The MRI was done July 1, 1998. It revealed "chronic compression deformity of T12," with no sign of a herniated or bulging disc. Dr. Cohen's July 27, 1998 office note states that the MRI revealed a kyphotic deformity. He again discussed surgery with the employee, which he noted was a major procedure. He recommended a CT scan of the employee's abdomen to discern the source of her cramps. She refused this option despite Dr. Cohen's belief that the fracture had healed and that a tumor could be causing her pain. He also recommended she get a second opinion.
The employee visited with Dr. Chan at UVA for a second opinion regarding causation. Dr. Chan's impression, documented in his September 4, 1998 letter, indicates the employee "has a compression fracture at T12, most likely due to the lifting accident and also most likely because of pre-existing osteopenia from post menopausal osteoporosis." He concluded, "I think her continued pain is the result of this fracture."

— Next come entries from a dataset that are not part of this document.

Lemma perm_chain (r : nat -> nat -> Prop) u (p q : 'I_n) :
  (forall y x z, r x y -> r y z -> r x z) -> p < q ->
  (forall k, p <= k < q -> r (u (lo k)) (u (hi k))) -> r (u p) (u q).
Proof.
move=> r_trans pq step; pose f j := (u (inord j) : nat).
have f_homo : {in [pred j | p <= j <= q] &, {homo f : i j / i < j >-> r i j}}.
  apply: homo_ltn_in => // [i j|i]; rewrite !inE.
    by move=> ? ? l; rewrite inE; lia.
  move=> /andP [pi _] /andP [_ iq].
  have im : i < m by move: (ltn_ord q); lia.
  by apply: (step (Ordinal im)); rewrite /= pi.
by have := f_homo p q; rewrite /f !inord_val; apply=> //; rewrite inE leqnn ?andbT ltnW.
Qed.

Lemma sref_increasing k (p q : 'I_n) : p < q -> (p, q) != (lo k, hi k) -> s_ k p < s_ k q.
Proof.
move=> pq ne; have : ~~ (((p : nat) == k) && ((q : nat) == k.+1)).
  apply: contra ne => /andP [/eqP ep /eqP eq]; apply/eqP.
  by congr pair; apply: ord_inj; rewrite ?loE ?hiE.
rewrite !sref_val; move: pq.
by repeat case: eqP; lia.
Qed.

(* left multiplication by s_k at an ascent creates exactly one more inversion *)
Lemma length_sref u k : u (lo k) < u (hi k) -> perm_length u < perm_length (s_ k * u).
Proof.
move=> asc; have s_incr := @sref_increasing k; rewrite !perm_lengthE srefE in s_incr *.
set t := tperm _ _ in s_incr *; pose swap (pq : 'I_n * 'I_n) := (t pq.1, t pq.2).
have swap_inj : injective swap by move=> [a b] [c d] [/perm_inj -> /perm_inj ->].
have sub : (lo k, hi k) |: swap @: inversions u \subset inversions (t * u).
  apply/subsetP => x; rewrite in_setU1 => /orP [/eqP -> | /imsetP [[p q]]].
    by rewrite inE /= !permM tpermL tpermR loE hiE ltnSn.
  rewrite inE /= => /andP [pq uqp] ->; rewrite inE /= !permM !tpermK uqp andbT.
  apply: s_incr => //; apply: contraTneq uqp => -[-> ->].
  by rewrite -leqNgt ltnW.
have notin : (lo k, hi k) \notin swap @: inversions u.
  apply/imsetP => -[[p q]]; rewrite inE /= => /andP [pq _] [].
  move=> /(congr1 t); rewrite tpermK tpermL => ep.
  move/(congr1 t); rewrite tpermK tpermR => eq.
  by move: pq; rewrite -ep -eq loE hiE ltnNge leqnSn.
by rewrite (leq_trans _ (subset_leq_card sub)) // cardsU1 notin card_imset.
Qed.

Lemma sref_parabolic J k : k \in J -> s_ k \in @parabolic n J.
Proof. by move=> kJ; apply: mem_gen; apply: imset_f. Qed.

Lemma young_ascending_id J u : u \in young J ->
  (forall k, k \in J -> u (lo k) < u (hi k)) -> u = 1%g.
Proof.
move=> uY uJ; apply: increasing_perm_id => p q pq.
case: ltngtP => // [uqp | /ord_inj/perm_inj epq]; last by move: pq; rewrite epq ltnn.
have ascending k : p <= k < q -> u (lo k) < u (hi k).
  by move=> kpq; apply/uJ/(young_inversion uY pq uqp kpq).
by have := perm_chain (r := fun a b => a < b) ltn_trans pq ascending; rewrite ltnNge ltnW.
Qed.

Lemma young_parabolic J : young J \subset @parabolic n J.
Proof.
apply/subsetP => u; move: {2}(perm_length u).+1 (ltnSn (perm_length u)) => N.
elim: N u => // N IH u lt_uN uY.
case: (pickP [pred k | (k \in J) && (u (hi k) < u (lo k))]) => [k /andP [kJ desc] | asc].
  pose v := (s_ k * u)%g.
  have vY : v \in young J by rewrite groupM ?sref_young.
  have uv : u = (s_ k * v)%g by rewrite /v mulgA srefE tperm2 mul1g.
  have v_asc : v (lo k) < v (hi k) by rewrite /v srefE !permM tpermL tpermR.
  rewrite uv groupM ?sref_parabolic // IH //.
  by apply: leq_trans (length_sref v_asc) _; rewrite -uv -ltnS.
rewrite (young_ascending_id uY) ?group1 // => k kJ.
by have := asc k; rewrite /= kJ adjacent_cmp => /negbT.
Qed.

Lemma parabolic_youngE J : @parabolic n J = young J.
Proof. by apply/eqP; rewrite eqEsubset parabolic_young young_parabolic. Qed.

Lemma longest_descent J w k : @is_longest_of n J w -> k \in J -> w (hi k) < w (lo k).
Proof.
case=> wJ w_max kJ; rewrite -[_ < _]negbK -adjacent_cmp; apply/negP => asc.
have := length_sref asc; rewrite ltnNge w_max //.
by rewrite groupM ?sref_parabolic.
Qed.

(* w_J satisfies pet_perm: a block boundary or a within-block descent chain
   rules out w^-1 (w k - 1) > k + 1 *)
Lemma longest_pet J w : @is_longest_of n J w -> pet_perm w.
Proof.
move=> wL; have /youngP w_blocks : w \in young J by rewrite -parabolic_youngE; case: wL.
move=> k kn wk_pos.
have pred_lt : (w k).-1 < n by rewrite (leq_ltn_trans (leq_pred _)).
set x := (w^-1)%g (inord (w k).-1).
have wx : (w x).+1 = w k by rewrite permKV inordK // prednK.
exists x => //; rewrite leqNgt; apply/negP => kx.
case: (pickP [pred j : 'I_m | (k <= j < x) && (j \notin J)]) => [j /andP [kjx jJ] | no_cut].
  (* a block boundary between k and x separates the values w k and w x *)
  by have := w_blocks j jJ k; have := w_blocks j jJ x; move: kjx wx; lia.
(* otherwise w decreases from k to x, dropping by at least 2 *)
have km : k < m by rewrite -ltnS.
have all_desc (j : 'I_m) : k <= j < x -> w (hi j) < w (lo j).
  move=> kjx; apply: longest_descent wL _.
  by have := no_cut j; rewrite /= kjx /= => /negbFE.
have drop1 := all_desc (Ordinal km) (introT andP (conj (leqnn k) (ltnW kx))).
have drop2 : w x < w (hi (Ordinal km)).
  apply: (perm_chain (r := fun a b => b < a) _ (p := hi (Ordinal km))) => //.
  - by move=> a b c; lia.
  - by rewrite hiE.
  - move=> j /andP [kj jx]; apply: all_desc; rewrite jx andbT.
    by rewrite hiE in kj; rewrite ltnW.
by move: drop1 drop2 wx; rewrite /= inord_val; lia.
Qed.

Lemma pet_step w k (y : 'I_n) : pet_perm w -> w (lo k) < w (hi k) ->
  y <= k -> 0 < w y -> exists2 z : 'I_n, z <= k & (w z).+1 = w y.
Proof.
move=> wP asc yk wy_pos; have yn : y.+1 < n by rewrite ltnS (leq_ltn_trans yk).
have [z zy wz] := wP y yn wy_pos; exists z => //; rewrite leqNgt; apply/negP => kz.
have ez : z = hi k by apply: ord_inj; rewrite hiE; lia.
have ey : y = lo k by apply: ord_inj; rewrite loE; lia.
by move: asc wz; rewrite -ez -ey; lia.
Qed.

Lemma pet_prefix w k : pet_perm w -> w (lo k) < w (hi k) ->
  forall y : 'I_n, (w y <= k) = (y <= k).
Proof.
move=> wP asc; apply: perm_prefix_stable => y yk.
pose A := [set z : 'I_n | z <= k].
have down d (c : 'I_n) : w y - c = d -> c <= w y -> c \in w @: A.
  elim: d c => [|d IH] c wyc cwy.
    have -> : c = w y by apply: ord_inj; lia.
    by rewrite imset_f // inE.
  have c1 : c.+1 < n by rewrite (leq_ltn_trans _ (ltn_ord (w y))) //; lia.
  have /imsetP [z zA wz] : Ordinal c1 \in w @: A by apply: IH => /=; lia.
  have zk : z <= k by rewrite inE in zA.
  have wz_pos : 0 < w z by rewrite -wz.
  have [z' z'k wz'] := pet_step wP asc zk wz_pos.
  have -> : c = w z' by apply: ord_inj; move: wz'; rewrite -wz /=; case.
  by rewrite imset_f // inE.
have : [set c : 'I_n | c <= w y] \subset w @: A by apply/subsetP => c; rewrite inE; apply: down.
move/subset_leq_card; rewrite card_imset; last exact: perm_inj.
by rewrite !card_prefix // ltnS ltnW.
Qed.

The commission affirmed the deputy's finding that the employee "did not unjustifiably refuse to undergo the recommended surgical procedure." On appeal, the employer does not maintain that she needed to undergo the surgery. It was a complicated procedure, and Dr. Cohen offered only a 60% rate of success. The employer maintains that the employee's refusal to undergo any of the three courses of treatment recommended by her treating physician was not justified.

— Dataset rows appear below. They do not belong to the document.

Lemma count_back_tag i' : count id (back_tag n k i') = b.
Proof. by rewrite /back_tag !count_cat !count_nseq /= mul0n mul1n addn0. Qed.

Lemma nth_back_tag i' z :
  nth false (back_tag n k i') z = ((i' - 1) * b <= z < (i' - 1) * b + b).
Proof.
rewrite /back_tag nth_cat size_nseq /zeros nth_nseq if_same.
case: ltnP => [//|le_z] /=.
rewrite nth_cat size_nseq nth_nseq if_same; case: ifP => [lt_z|ge_z].
  by rewrite nth_nseq lt_z; apply/esym; lia.
by apply/esym/negbTE; lia.
Qed.

Lemma size_pairs : size (pairs k) = N.
Proof.
rewrite /pairs size_allpairs_dep sumnE big_map /Npairs -bin2_sum.
rewrite (eq_bigr (fun i => k - i)) => [|i _]; last by rewrite size_iota.
have -> : iota 1 k = index_iota 1 k.+1 by rewrite /index_iota subn1.
rewrite big_nat_rev add1n big_add1 /= big_nat [RHS]big_nat.
by apply: eq_bigr => i /andP [_ lt_i]; lia.
Qed.

Lemma pair_pos_range i j : 0 < i -> i < j -> j <= k -> 0 < pair_pos k i j <= N.
Proof.
move=> i_gt0 lt_ij le_jk; rewrite /pair_pos ltnS -size_pairs index_mem.
by apply/allpairsPdep; exists i, j; rewrite !mem_iota; split => //; lia.
Qed.

Lemma pair_pos_first : 3 <= k -> pair_pos k 1 2 = 1 /\ pair_pos k 1 3 = 2.
Proof. by case: k => [|[|[|k']]]. Qed.

Section Pair.

Variables (i j : nat) (e : nat * nat).
Hypotheses (i_gt0 : 0 < i) (lt_ij : i < j) (le_jk : j <= k).
Hypothesis e_ok : 1 <= e.1 /\ e.1 < e.2 /\ e.2 <= n.

Local Notation rest := (encode n k i j e ++ back_tag n k (pair_pos k i j)).

Lemma size_encode : size (encode n k i j e) = M.
Proof.
rewrite /encode !size_cat !flatten_zeros !size_nseq /=.
have -> : e.1 - 1 + (1 + (n - e.1)) = n by lia.
have -> : e.2 - 1 + (1 + (n - e.2)) = n by lia.
rewrite !addnA -mulSnr -mulnDl -mulSnr -mulnDl mulnC; congr (_ * _); lia.
Qed.

Lemma count_encode : count id (encode n k i j e) = 2.
Proof. by rewrite /encode !flatten_zeros !count_cat !count_nseq /= !mul0n. Qed.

Workers' compensation benefits are conditioned upon the employee's undergoing necessary medical treatment to place the cost of treatment on the employer and restore the employee's health enabling her to return to work. Davis v. Brown Williamson Tobacco Co., 3 Va. App. 123, 128, 348 S.E.2d 420, 422 (1986) ("the Commission . . . [must] focus upon the purpose of the legislature in requiring the employer to furnish andobligating the employee to receive medical attention" (emphasis added)). Where the employee refuses prescribed treatment and such refusal results in an aggravation of, or impediment to the cure of, the disability, the employee has not taken reasonable steps to limit the employer's liability. Id. at 128-29, 348 S.E.2d at 423.
The employee refused to undergo any of the recommended treatments: surgery, bone scan, or pain management. It does not serve the purposes of the Act for the employee to collect benefits but sit idle and refuse every course of recommended medical treatment that could improve her condition. The employee's refusal to have the surgery was justified considering her age, the seriousness of the procedure, and the poor odds of its success. But she also refused the bone scan, which would have permitted the doctor to diagnose the cause of her continuing pain. Finally, she refused to get pain management treatment to reduce or minimize her pain. The employee cannot say no to every avenue of treatment.

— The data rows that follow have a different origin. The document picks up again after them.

Lemma upsilonE (x m : {ffun 'I_k -> Zn}) : upsilon x m = val (\sum_i m i * x i)%R.
Proof.
have -> : (\sum_i m i * x i)%R = (\sum_i (m i : nat) * (x i : nat))%N%:R%R :> Zn.
  by rewrite natr_sum; apply: eq_bigr => i _; rewrite natrM !natr_Zp.
by rewrite Zp_nat.
Qed.

Lemma upsilon_diffE (x m m' : {ffun 'I_k -> Zn}) :
  upsilon_diff x m m' = val (\sum_i (m i - m' i) * x i)%R.
Proof.
have -> : (\sum_i (m i - m' i) * x i = \sum_i m i * x i - \sum_i m' i * x i)%R.
  by rewrite -sumrB; apply: eq_bigr => i _; rewrite mulrBl.
by rewrite /upsilon_diff !upsilonE /= modnDmr.
Qed.

Lemma grdh_keys1 (t : 'I_k -> nat) : (forall i, t i = 1) -> grdh_keys n t = unit_keys Zn 'I_k.
Proof.
move=> t1; apply/setP => x; rewrite !inE; apply: eq_forallb => i.
by rewrite t1 Zn_unitE /coprime gcdnC.
Qed.

Lemma grdh_keys_gt0 (t : 'I_k -> nat) : (forall i, 0 < t i /\ t i %| n) -> 0 < #|grdh_keys n t|.
Proof.
move=> t_dvd; apply/card_gt0P; exists [ffun i => (t i)%:R%R]; rewrite inE.
apply/forallP => i; rewrite ffunE Zp_nat /= gcdn_modl.
by apply/eqP/gcdn_idPl; case: (t_dvd i).
Qed.

Lemma rdh_probE (t : 'I_k -> nat) (m m' : {ffun 'I_k -> Zn}) (b : Zn) : (forall i, t i = 1) ->
  grdh_prob t m m' b =
  (#|keys_with_sum (fun i => m i - m' i)%R b|%:R / #|unit_keys Zn 'I_k|%:R)%R.
Proof.
move=> t1; rewrite /grdh_prob grdh_keys1 //; congr (_%:R / _)%R; apply: eq_card => x.
by rewrite !inE upsilon_diffE val_eqE.
Qed.

Definition delta_ffun (j : 'I_k) (a : Zn) : {ffun 'I_k -> Zn} :=
  [ffun l => if l == j then a else 0%R].

Lemma delta_ffun_eq0 j a : (delta_ffun j a == [ffun => 0%R]) = (a == 0%R).
Proof.
apply/eqP/eqP => [/ffunP/(_ j)|->]; first by rewrite !ffunE eqxx.
by apply/ffunP => l; rewrite !ffunE; case: ifP.
Qed.

Lemma delta_ffun_sum (j : 'I_k) (a : Zn) (x : {ffun 'I_k -> Zn}) :
  (\sum_i (delta_ffun j a i - [ffun => 0%R] i) * x i = a * x j)%R.
Proof.
rewrite (bigD1 j) //= big1 => [|l /negbTE lj]; rewrite !ffunE ?eqxx ?lj subr0 ?mul0r //.
exact: addr0.
Qed.

Lemma grdh_not_adu_const (t : 'I_k -> nat) j (a b : Zn) eps :
  (forall i, 0 < t i /\ t i %| n) -> a != 0%R ->
  (forall x, x \in grdh_keys n t -> (a * x j)%R = b) ->
  (eps < 1)%R -> ~ almost_delta_universal n t eps.
Proof.
move=> t_dvd a_neq0 ab eps_lt1 /(_ (delta_ffun j a) [ffun => 0%R] b).
rewrite delta_ffun_eq0 a_neq0 => /(_ isT); apply/negP; rewrite -ltNge.
rewrite /grdh_prob (_ : [set x in _ | _] = grdh_keys n t) ?divff // ?pnatr_eq0 -?lt0n.
  exact: grdh_keys_gt0.
apply/setP => x; rewrite inE; case: (boolP (x \in _)) => //= xK.
by rewrite upsilon_diffE delta_ffun_sum ab // eqxx.
Qed.

Lemma grdh_not_adu_gcd (t : 'I_k -> nat) j eps :
  (forall i, 0 < t i /\ t i %| n) -> t j != 1 ->
  (eps < 1)%R -> ~ almost_delta_universal n t eps.
Proof.
move=> t_dvd tj_neq1; have [tj_gt0 tj_dvd] := t_dvd j.
have tj_gt1 : 1 < t j by rewrite ltn_neqAle eq_sym tj_neq1.
apply: (grdh_not_adu_const (j := j) (b := 0%R) t_dvd (Zn_divn_neq0 tj_gt1 tj_dvd)).
move=> x; rewrite inE => /forallP /(_ j) /eqP xj.
have /dvdnP[y xjE] : t j %| x j by rewrite -xj dvdn_gcdl.
apply: val_inj; rewrite /= val_Zn_divn // xjE.
by rewrite mulnCA divnK // modnMl.
Qed.

(* For [n] even every unit [x] is odd, so [(n/2) * x = n/2]. *)
Lemma rdh_not_adu_even (t : 'I_k -> nat) (j : 'I_k) eps :
  (forall i, t i = 1) -> ~~ odd n ->
  (eps < 1)%R -> ~ almost_delta_universal n t eps.
Proof.
move=> t1 n_even; have two_dvd : 2 %| n by rewrite dvdn2.
apply: (grdh_not_adu_const (j := j) (b := (n %/ 2)%:R%R) _ (Zn_divn_neq0 (isT : 1 < 2) two_dvd)).
  by move=> i; rewrite t1.
move=> x; rewrite grdh_keys1 // inE => /forallP /(_ j); rewrite Zn_unitE => x_co.
have x_odd : odd (x j) by rewrite -coprime2n; apply: coprime_dvdl two_dvd x_co.
apply: val_inj; rewrite /= !val_Zn_divn //.
rewrite -(odd_double_half (x j)) x_odd -muln2 mulnDr muln1 mulnCA divnK //.
by rewrite addnC modnMDl modn_small // ltn_Pdiv.
Qed.

Lemma natr_pdiv_pred : ((pdiv n)%:R - 1 = (pdiv n).-1%:R :> rat)%R.
Proof. by rewrite -subn1 natrB // pdiv_gt0. Qed.

(* If [D j != 0], the products [D j * v] with [v] ranging over [p - 1] units
   that are pairwise distinct modulo a prime [q >= p] are pairwise distinct. *)
Lemma rdh_adu (t : 'I_k -> nat) : (forall i, t i = 1) ->
  almost_delta_universal n t (1 / ((pdiv n)%:R - 1))%R.
Proof.
move=> t1 m m' b m_neq; rewrite rdh_probE // natr_pdiv_pred.
set D := fun i => (m i - m' i)%R.
have [j Dj] : exists j, D j != 0%R.
  apply/existsP; apply: contraNT m_neq => /existsPn D0.
  by apply/eqP/ffunP => i; apply/eqP; rewrite -subr_eq0; apply/negbNE/D0.
have [q [q_pr q_dvd Dq]] := Zn_mulr_cancel_mod_prime Dj.
have p_gt1 : 1 < pdiv n by rewrite prime_gt1 ?pdiv_prime.
have [|v Hv] := Zn_units_with_residues (s := (pdiv n).-1) q_pr q_dvd.
  by rewrite prednK ?(leq_trans _ (pdiv_min_dvd (prime_gt1 q_pr) q_dvd)) // ltnW.
apply: ler_ratio_inv; first by rewrite -(grdh_keys1 t1) grdh_keys_gt0 // => i; rewrite t1.
  by rewrite -ltnS prednK // ltnW.
apply: (card_keys_with_sum_le (D := D) (j := j) (fun a => (Hv a).1)).
by move=> a a' /Dq; rewrite (Hv a).2 (Hv a').2 => -[] /val_inj.
Qed.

We affirm the commission's award of benefits to the employee during her periods of disability, December 22, 1997 through April 19, 1998 and June 29, 1998 and continuing, and its decision that she is not entitled to benefits from April 20, 1998 through June 28, 1998, because she was released to light duty and did not market her residual capacity. However, we reverse the decision that the employee was justified in refusing medical treatment because the commission did not determine whether her refusal to undergo the bone scan or pursue pain management was justified. Accordingly, we affirm in part, and reverse and remand in part for further proceedings consistent with this opinion.
The employee denied she refused to undergo the bone scan. She claimed Dr. Cohen told her the procedure was not necessary and recommended she have it later. The commission did not indicate if their decision was based on believing the employee's version and discrediting the doctor's version.
Affirmed in part, and reversed and remanded, in part.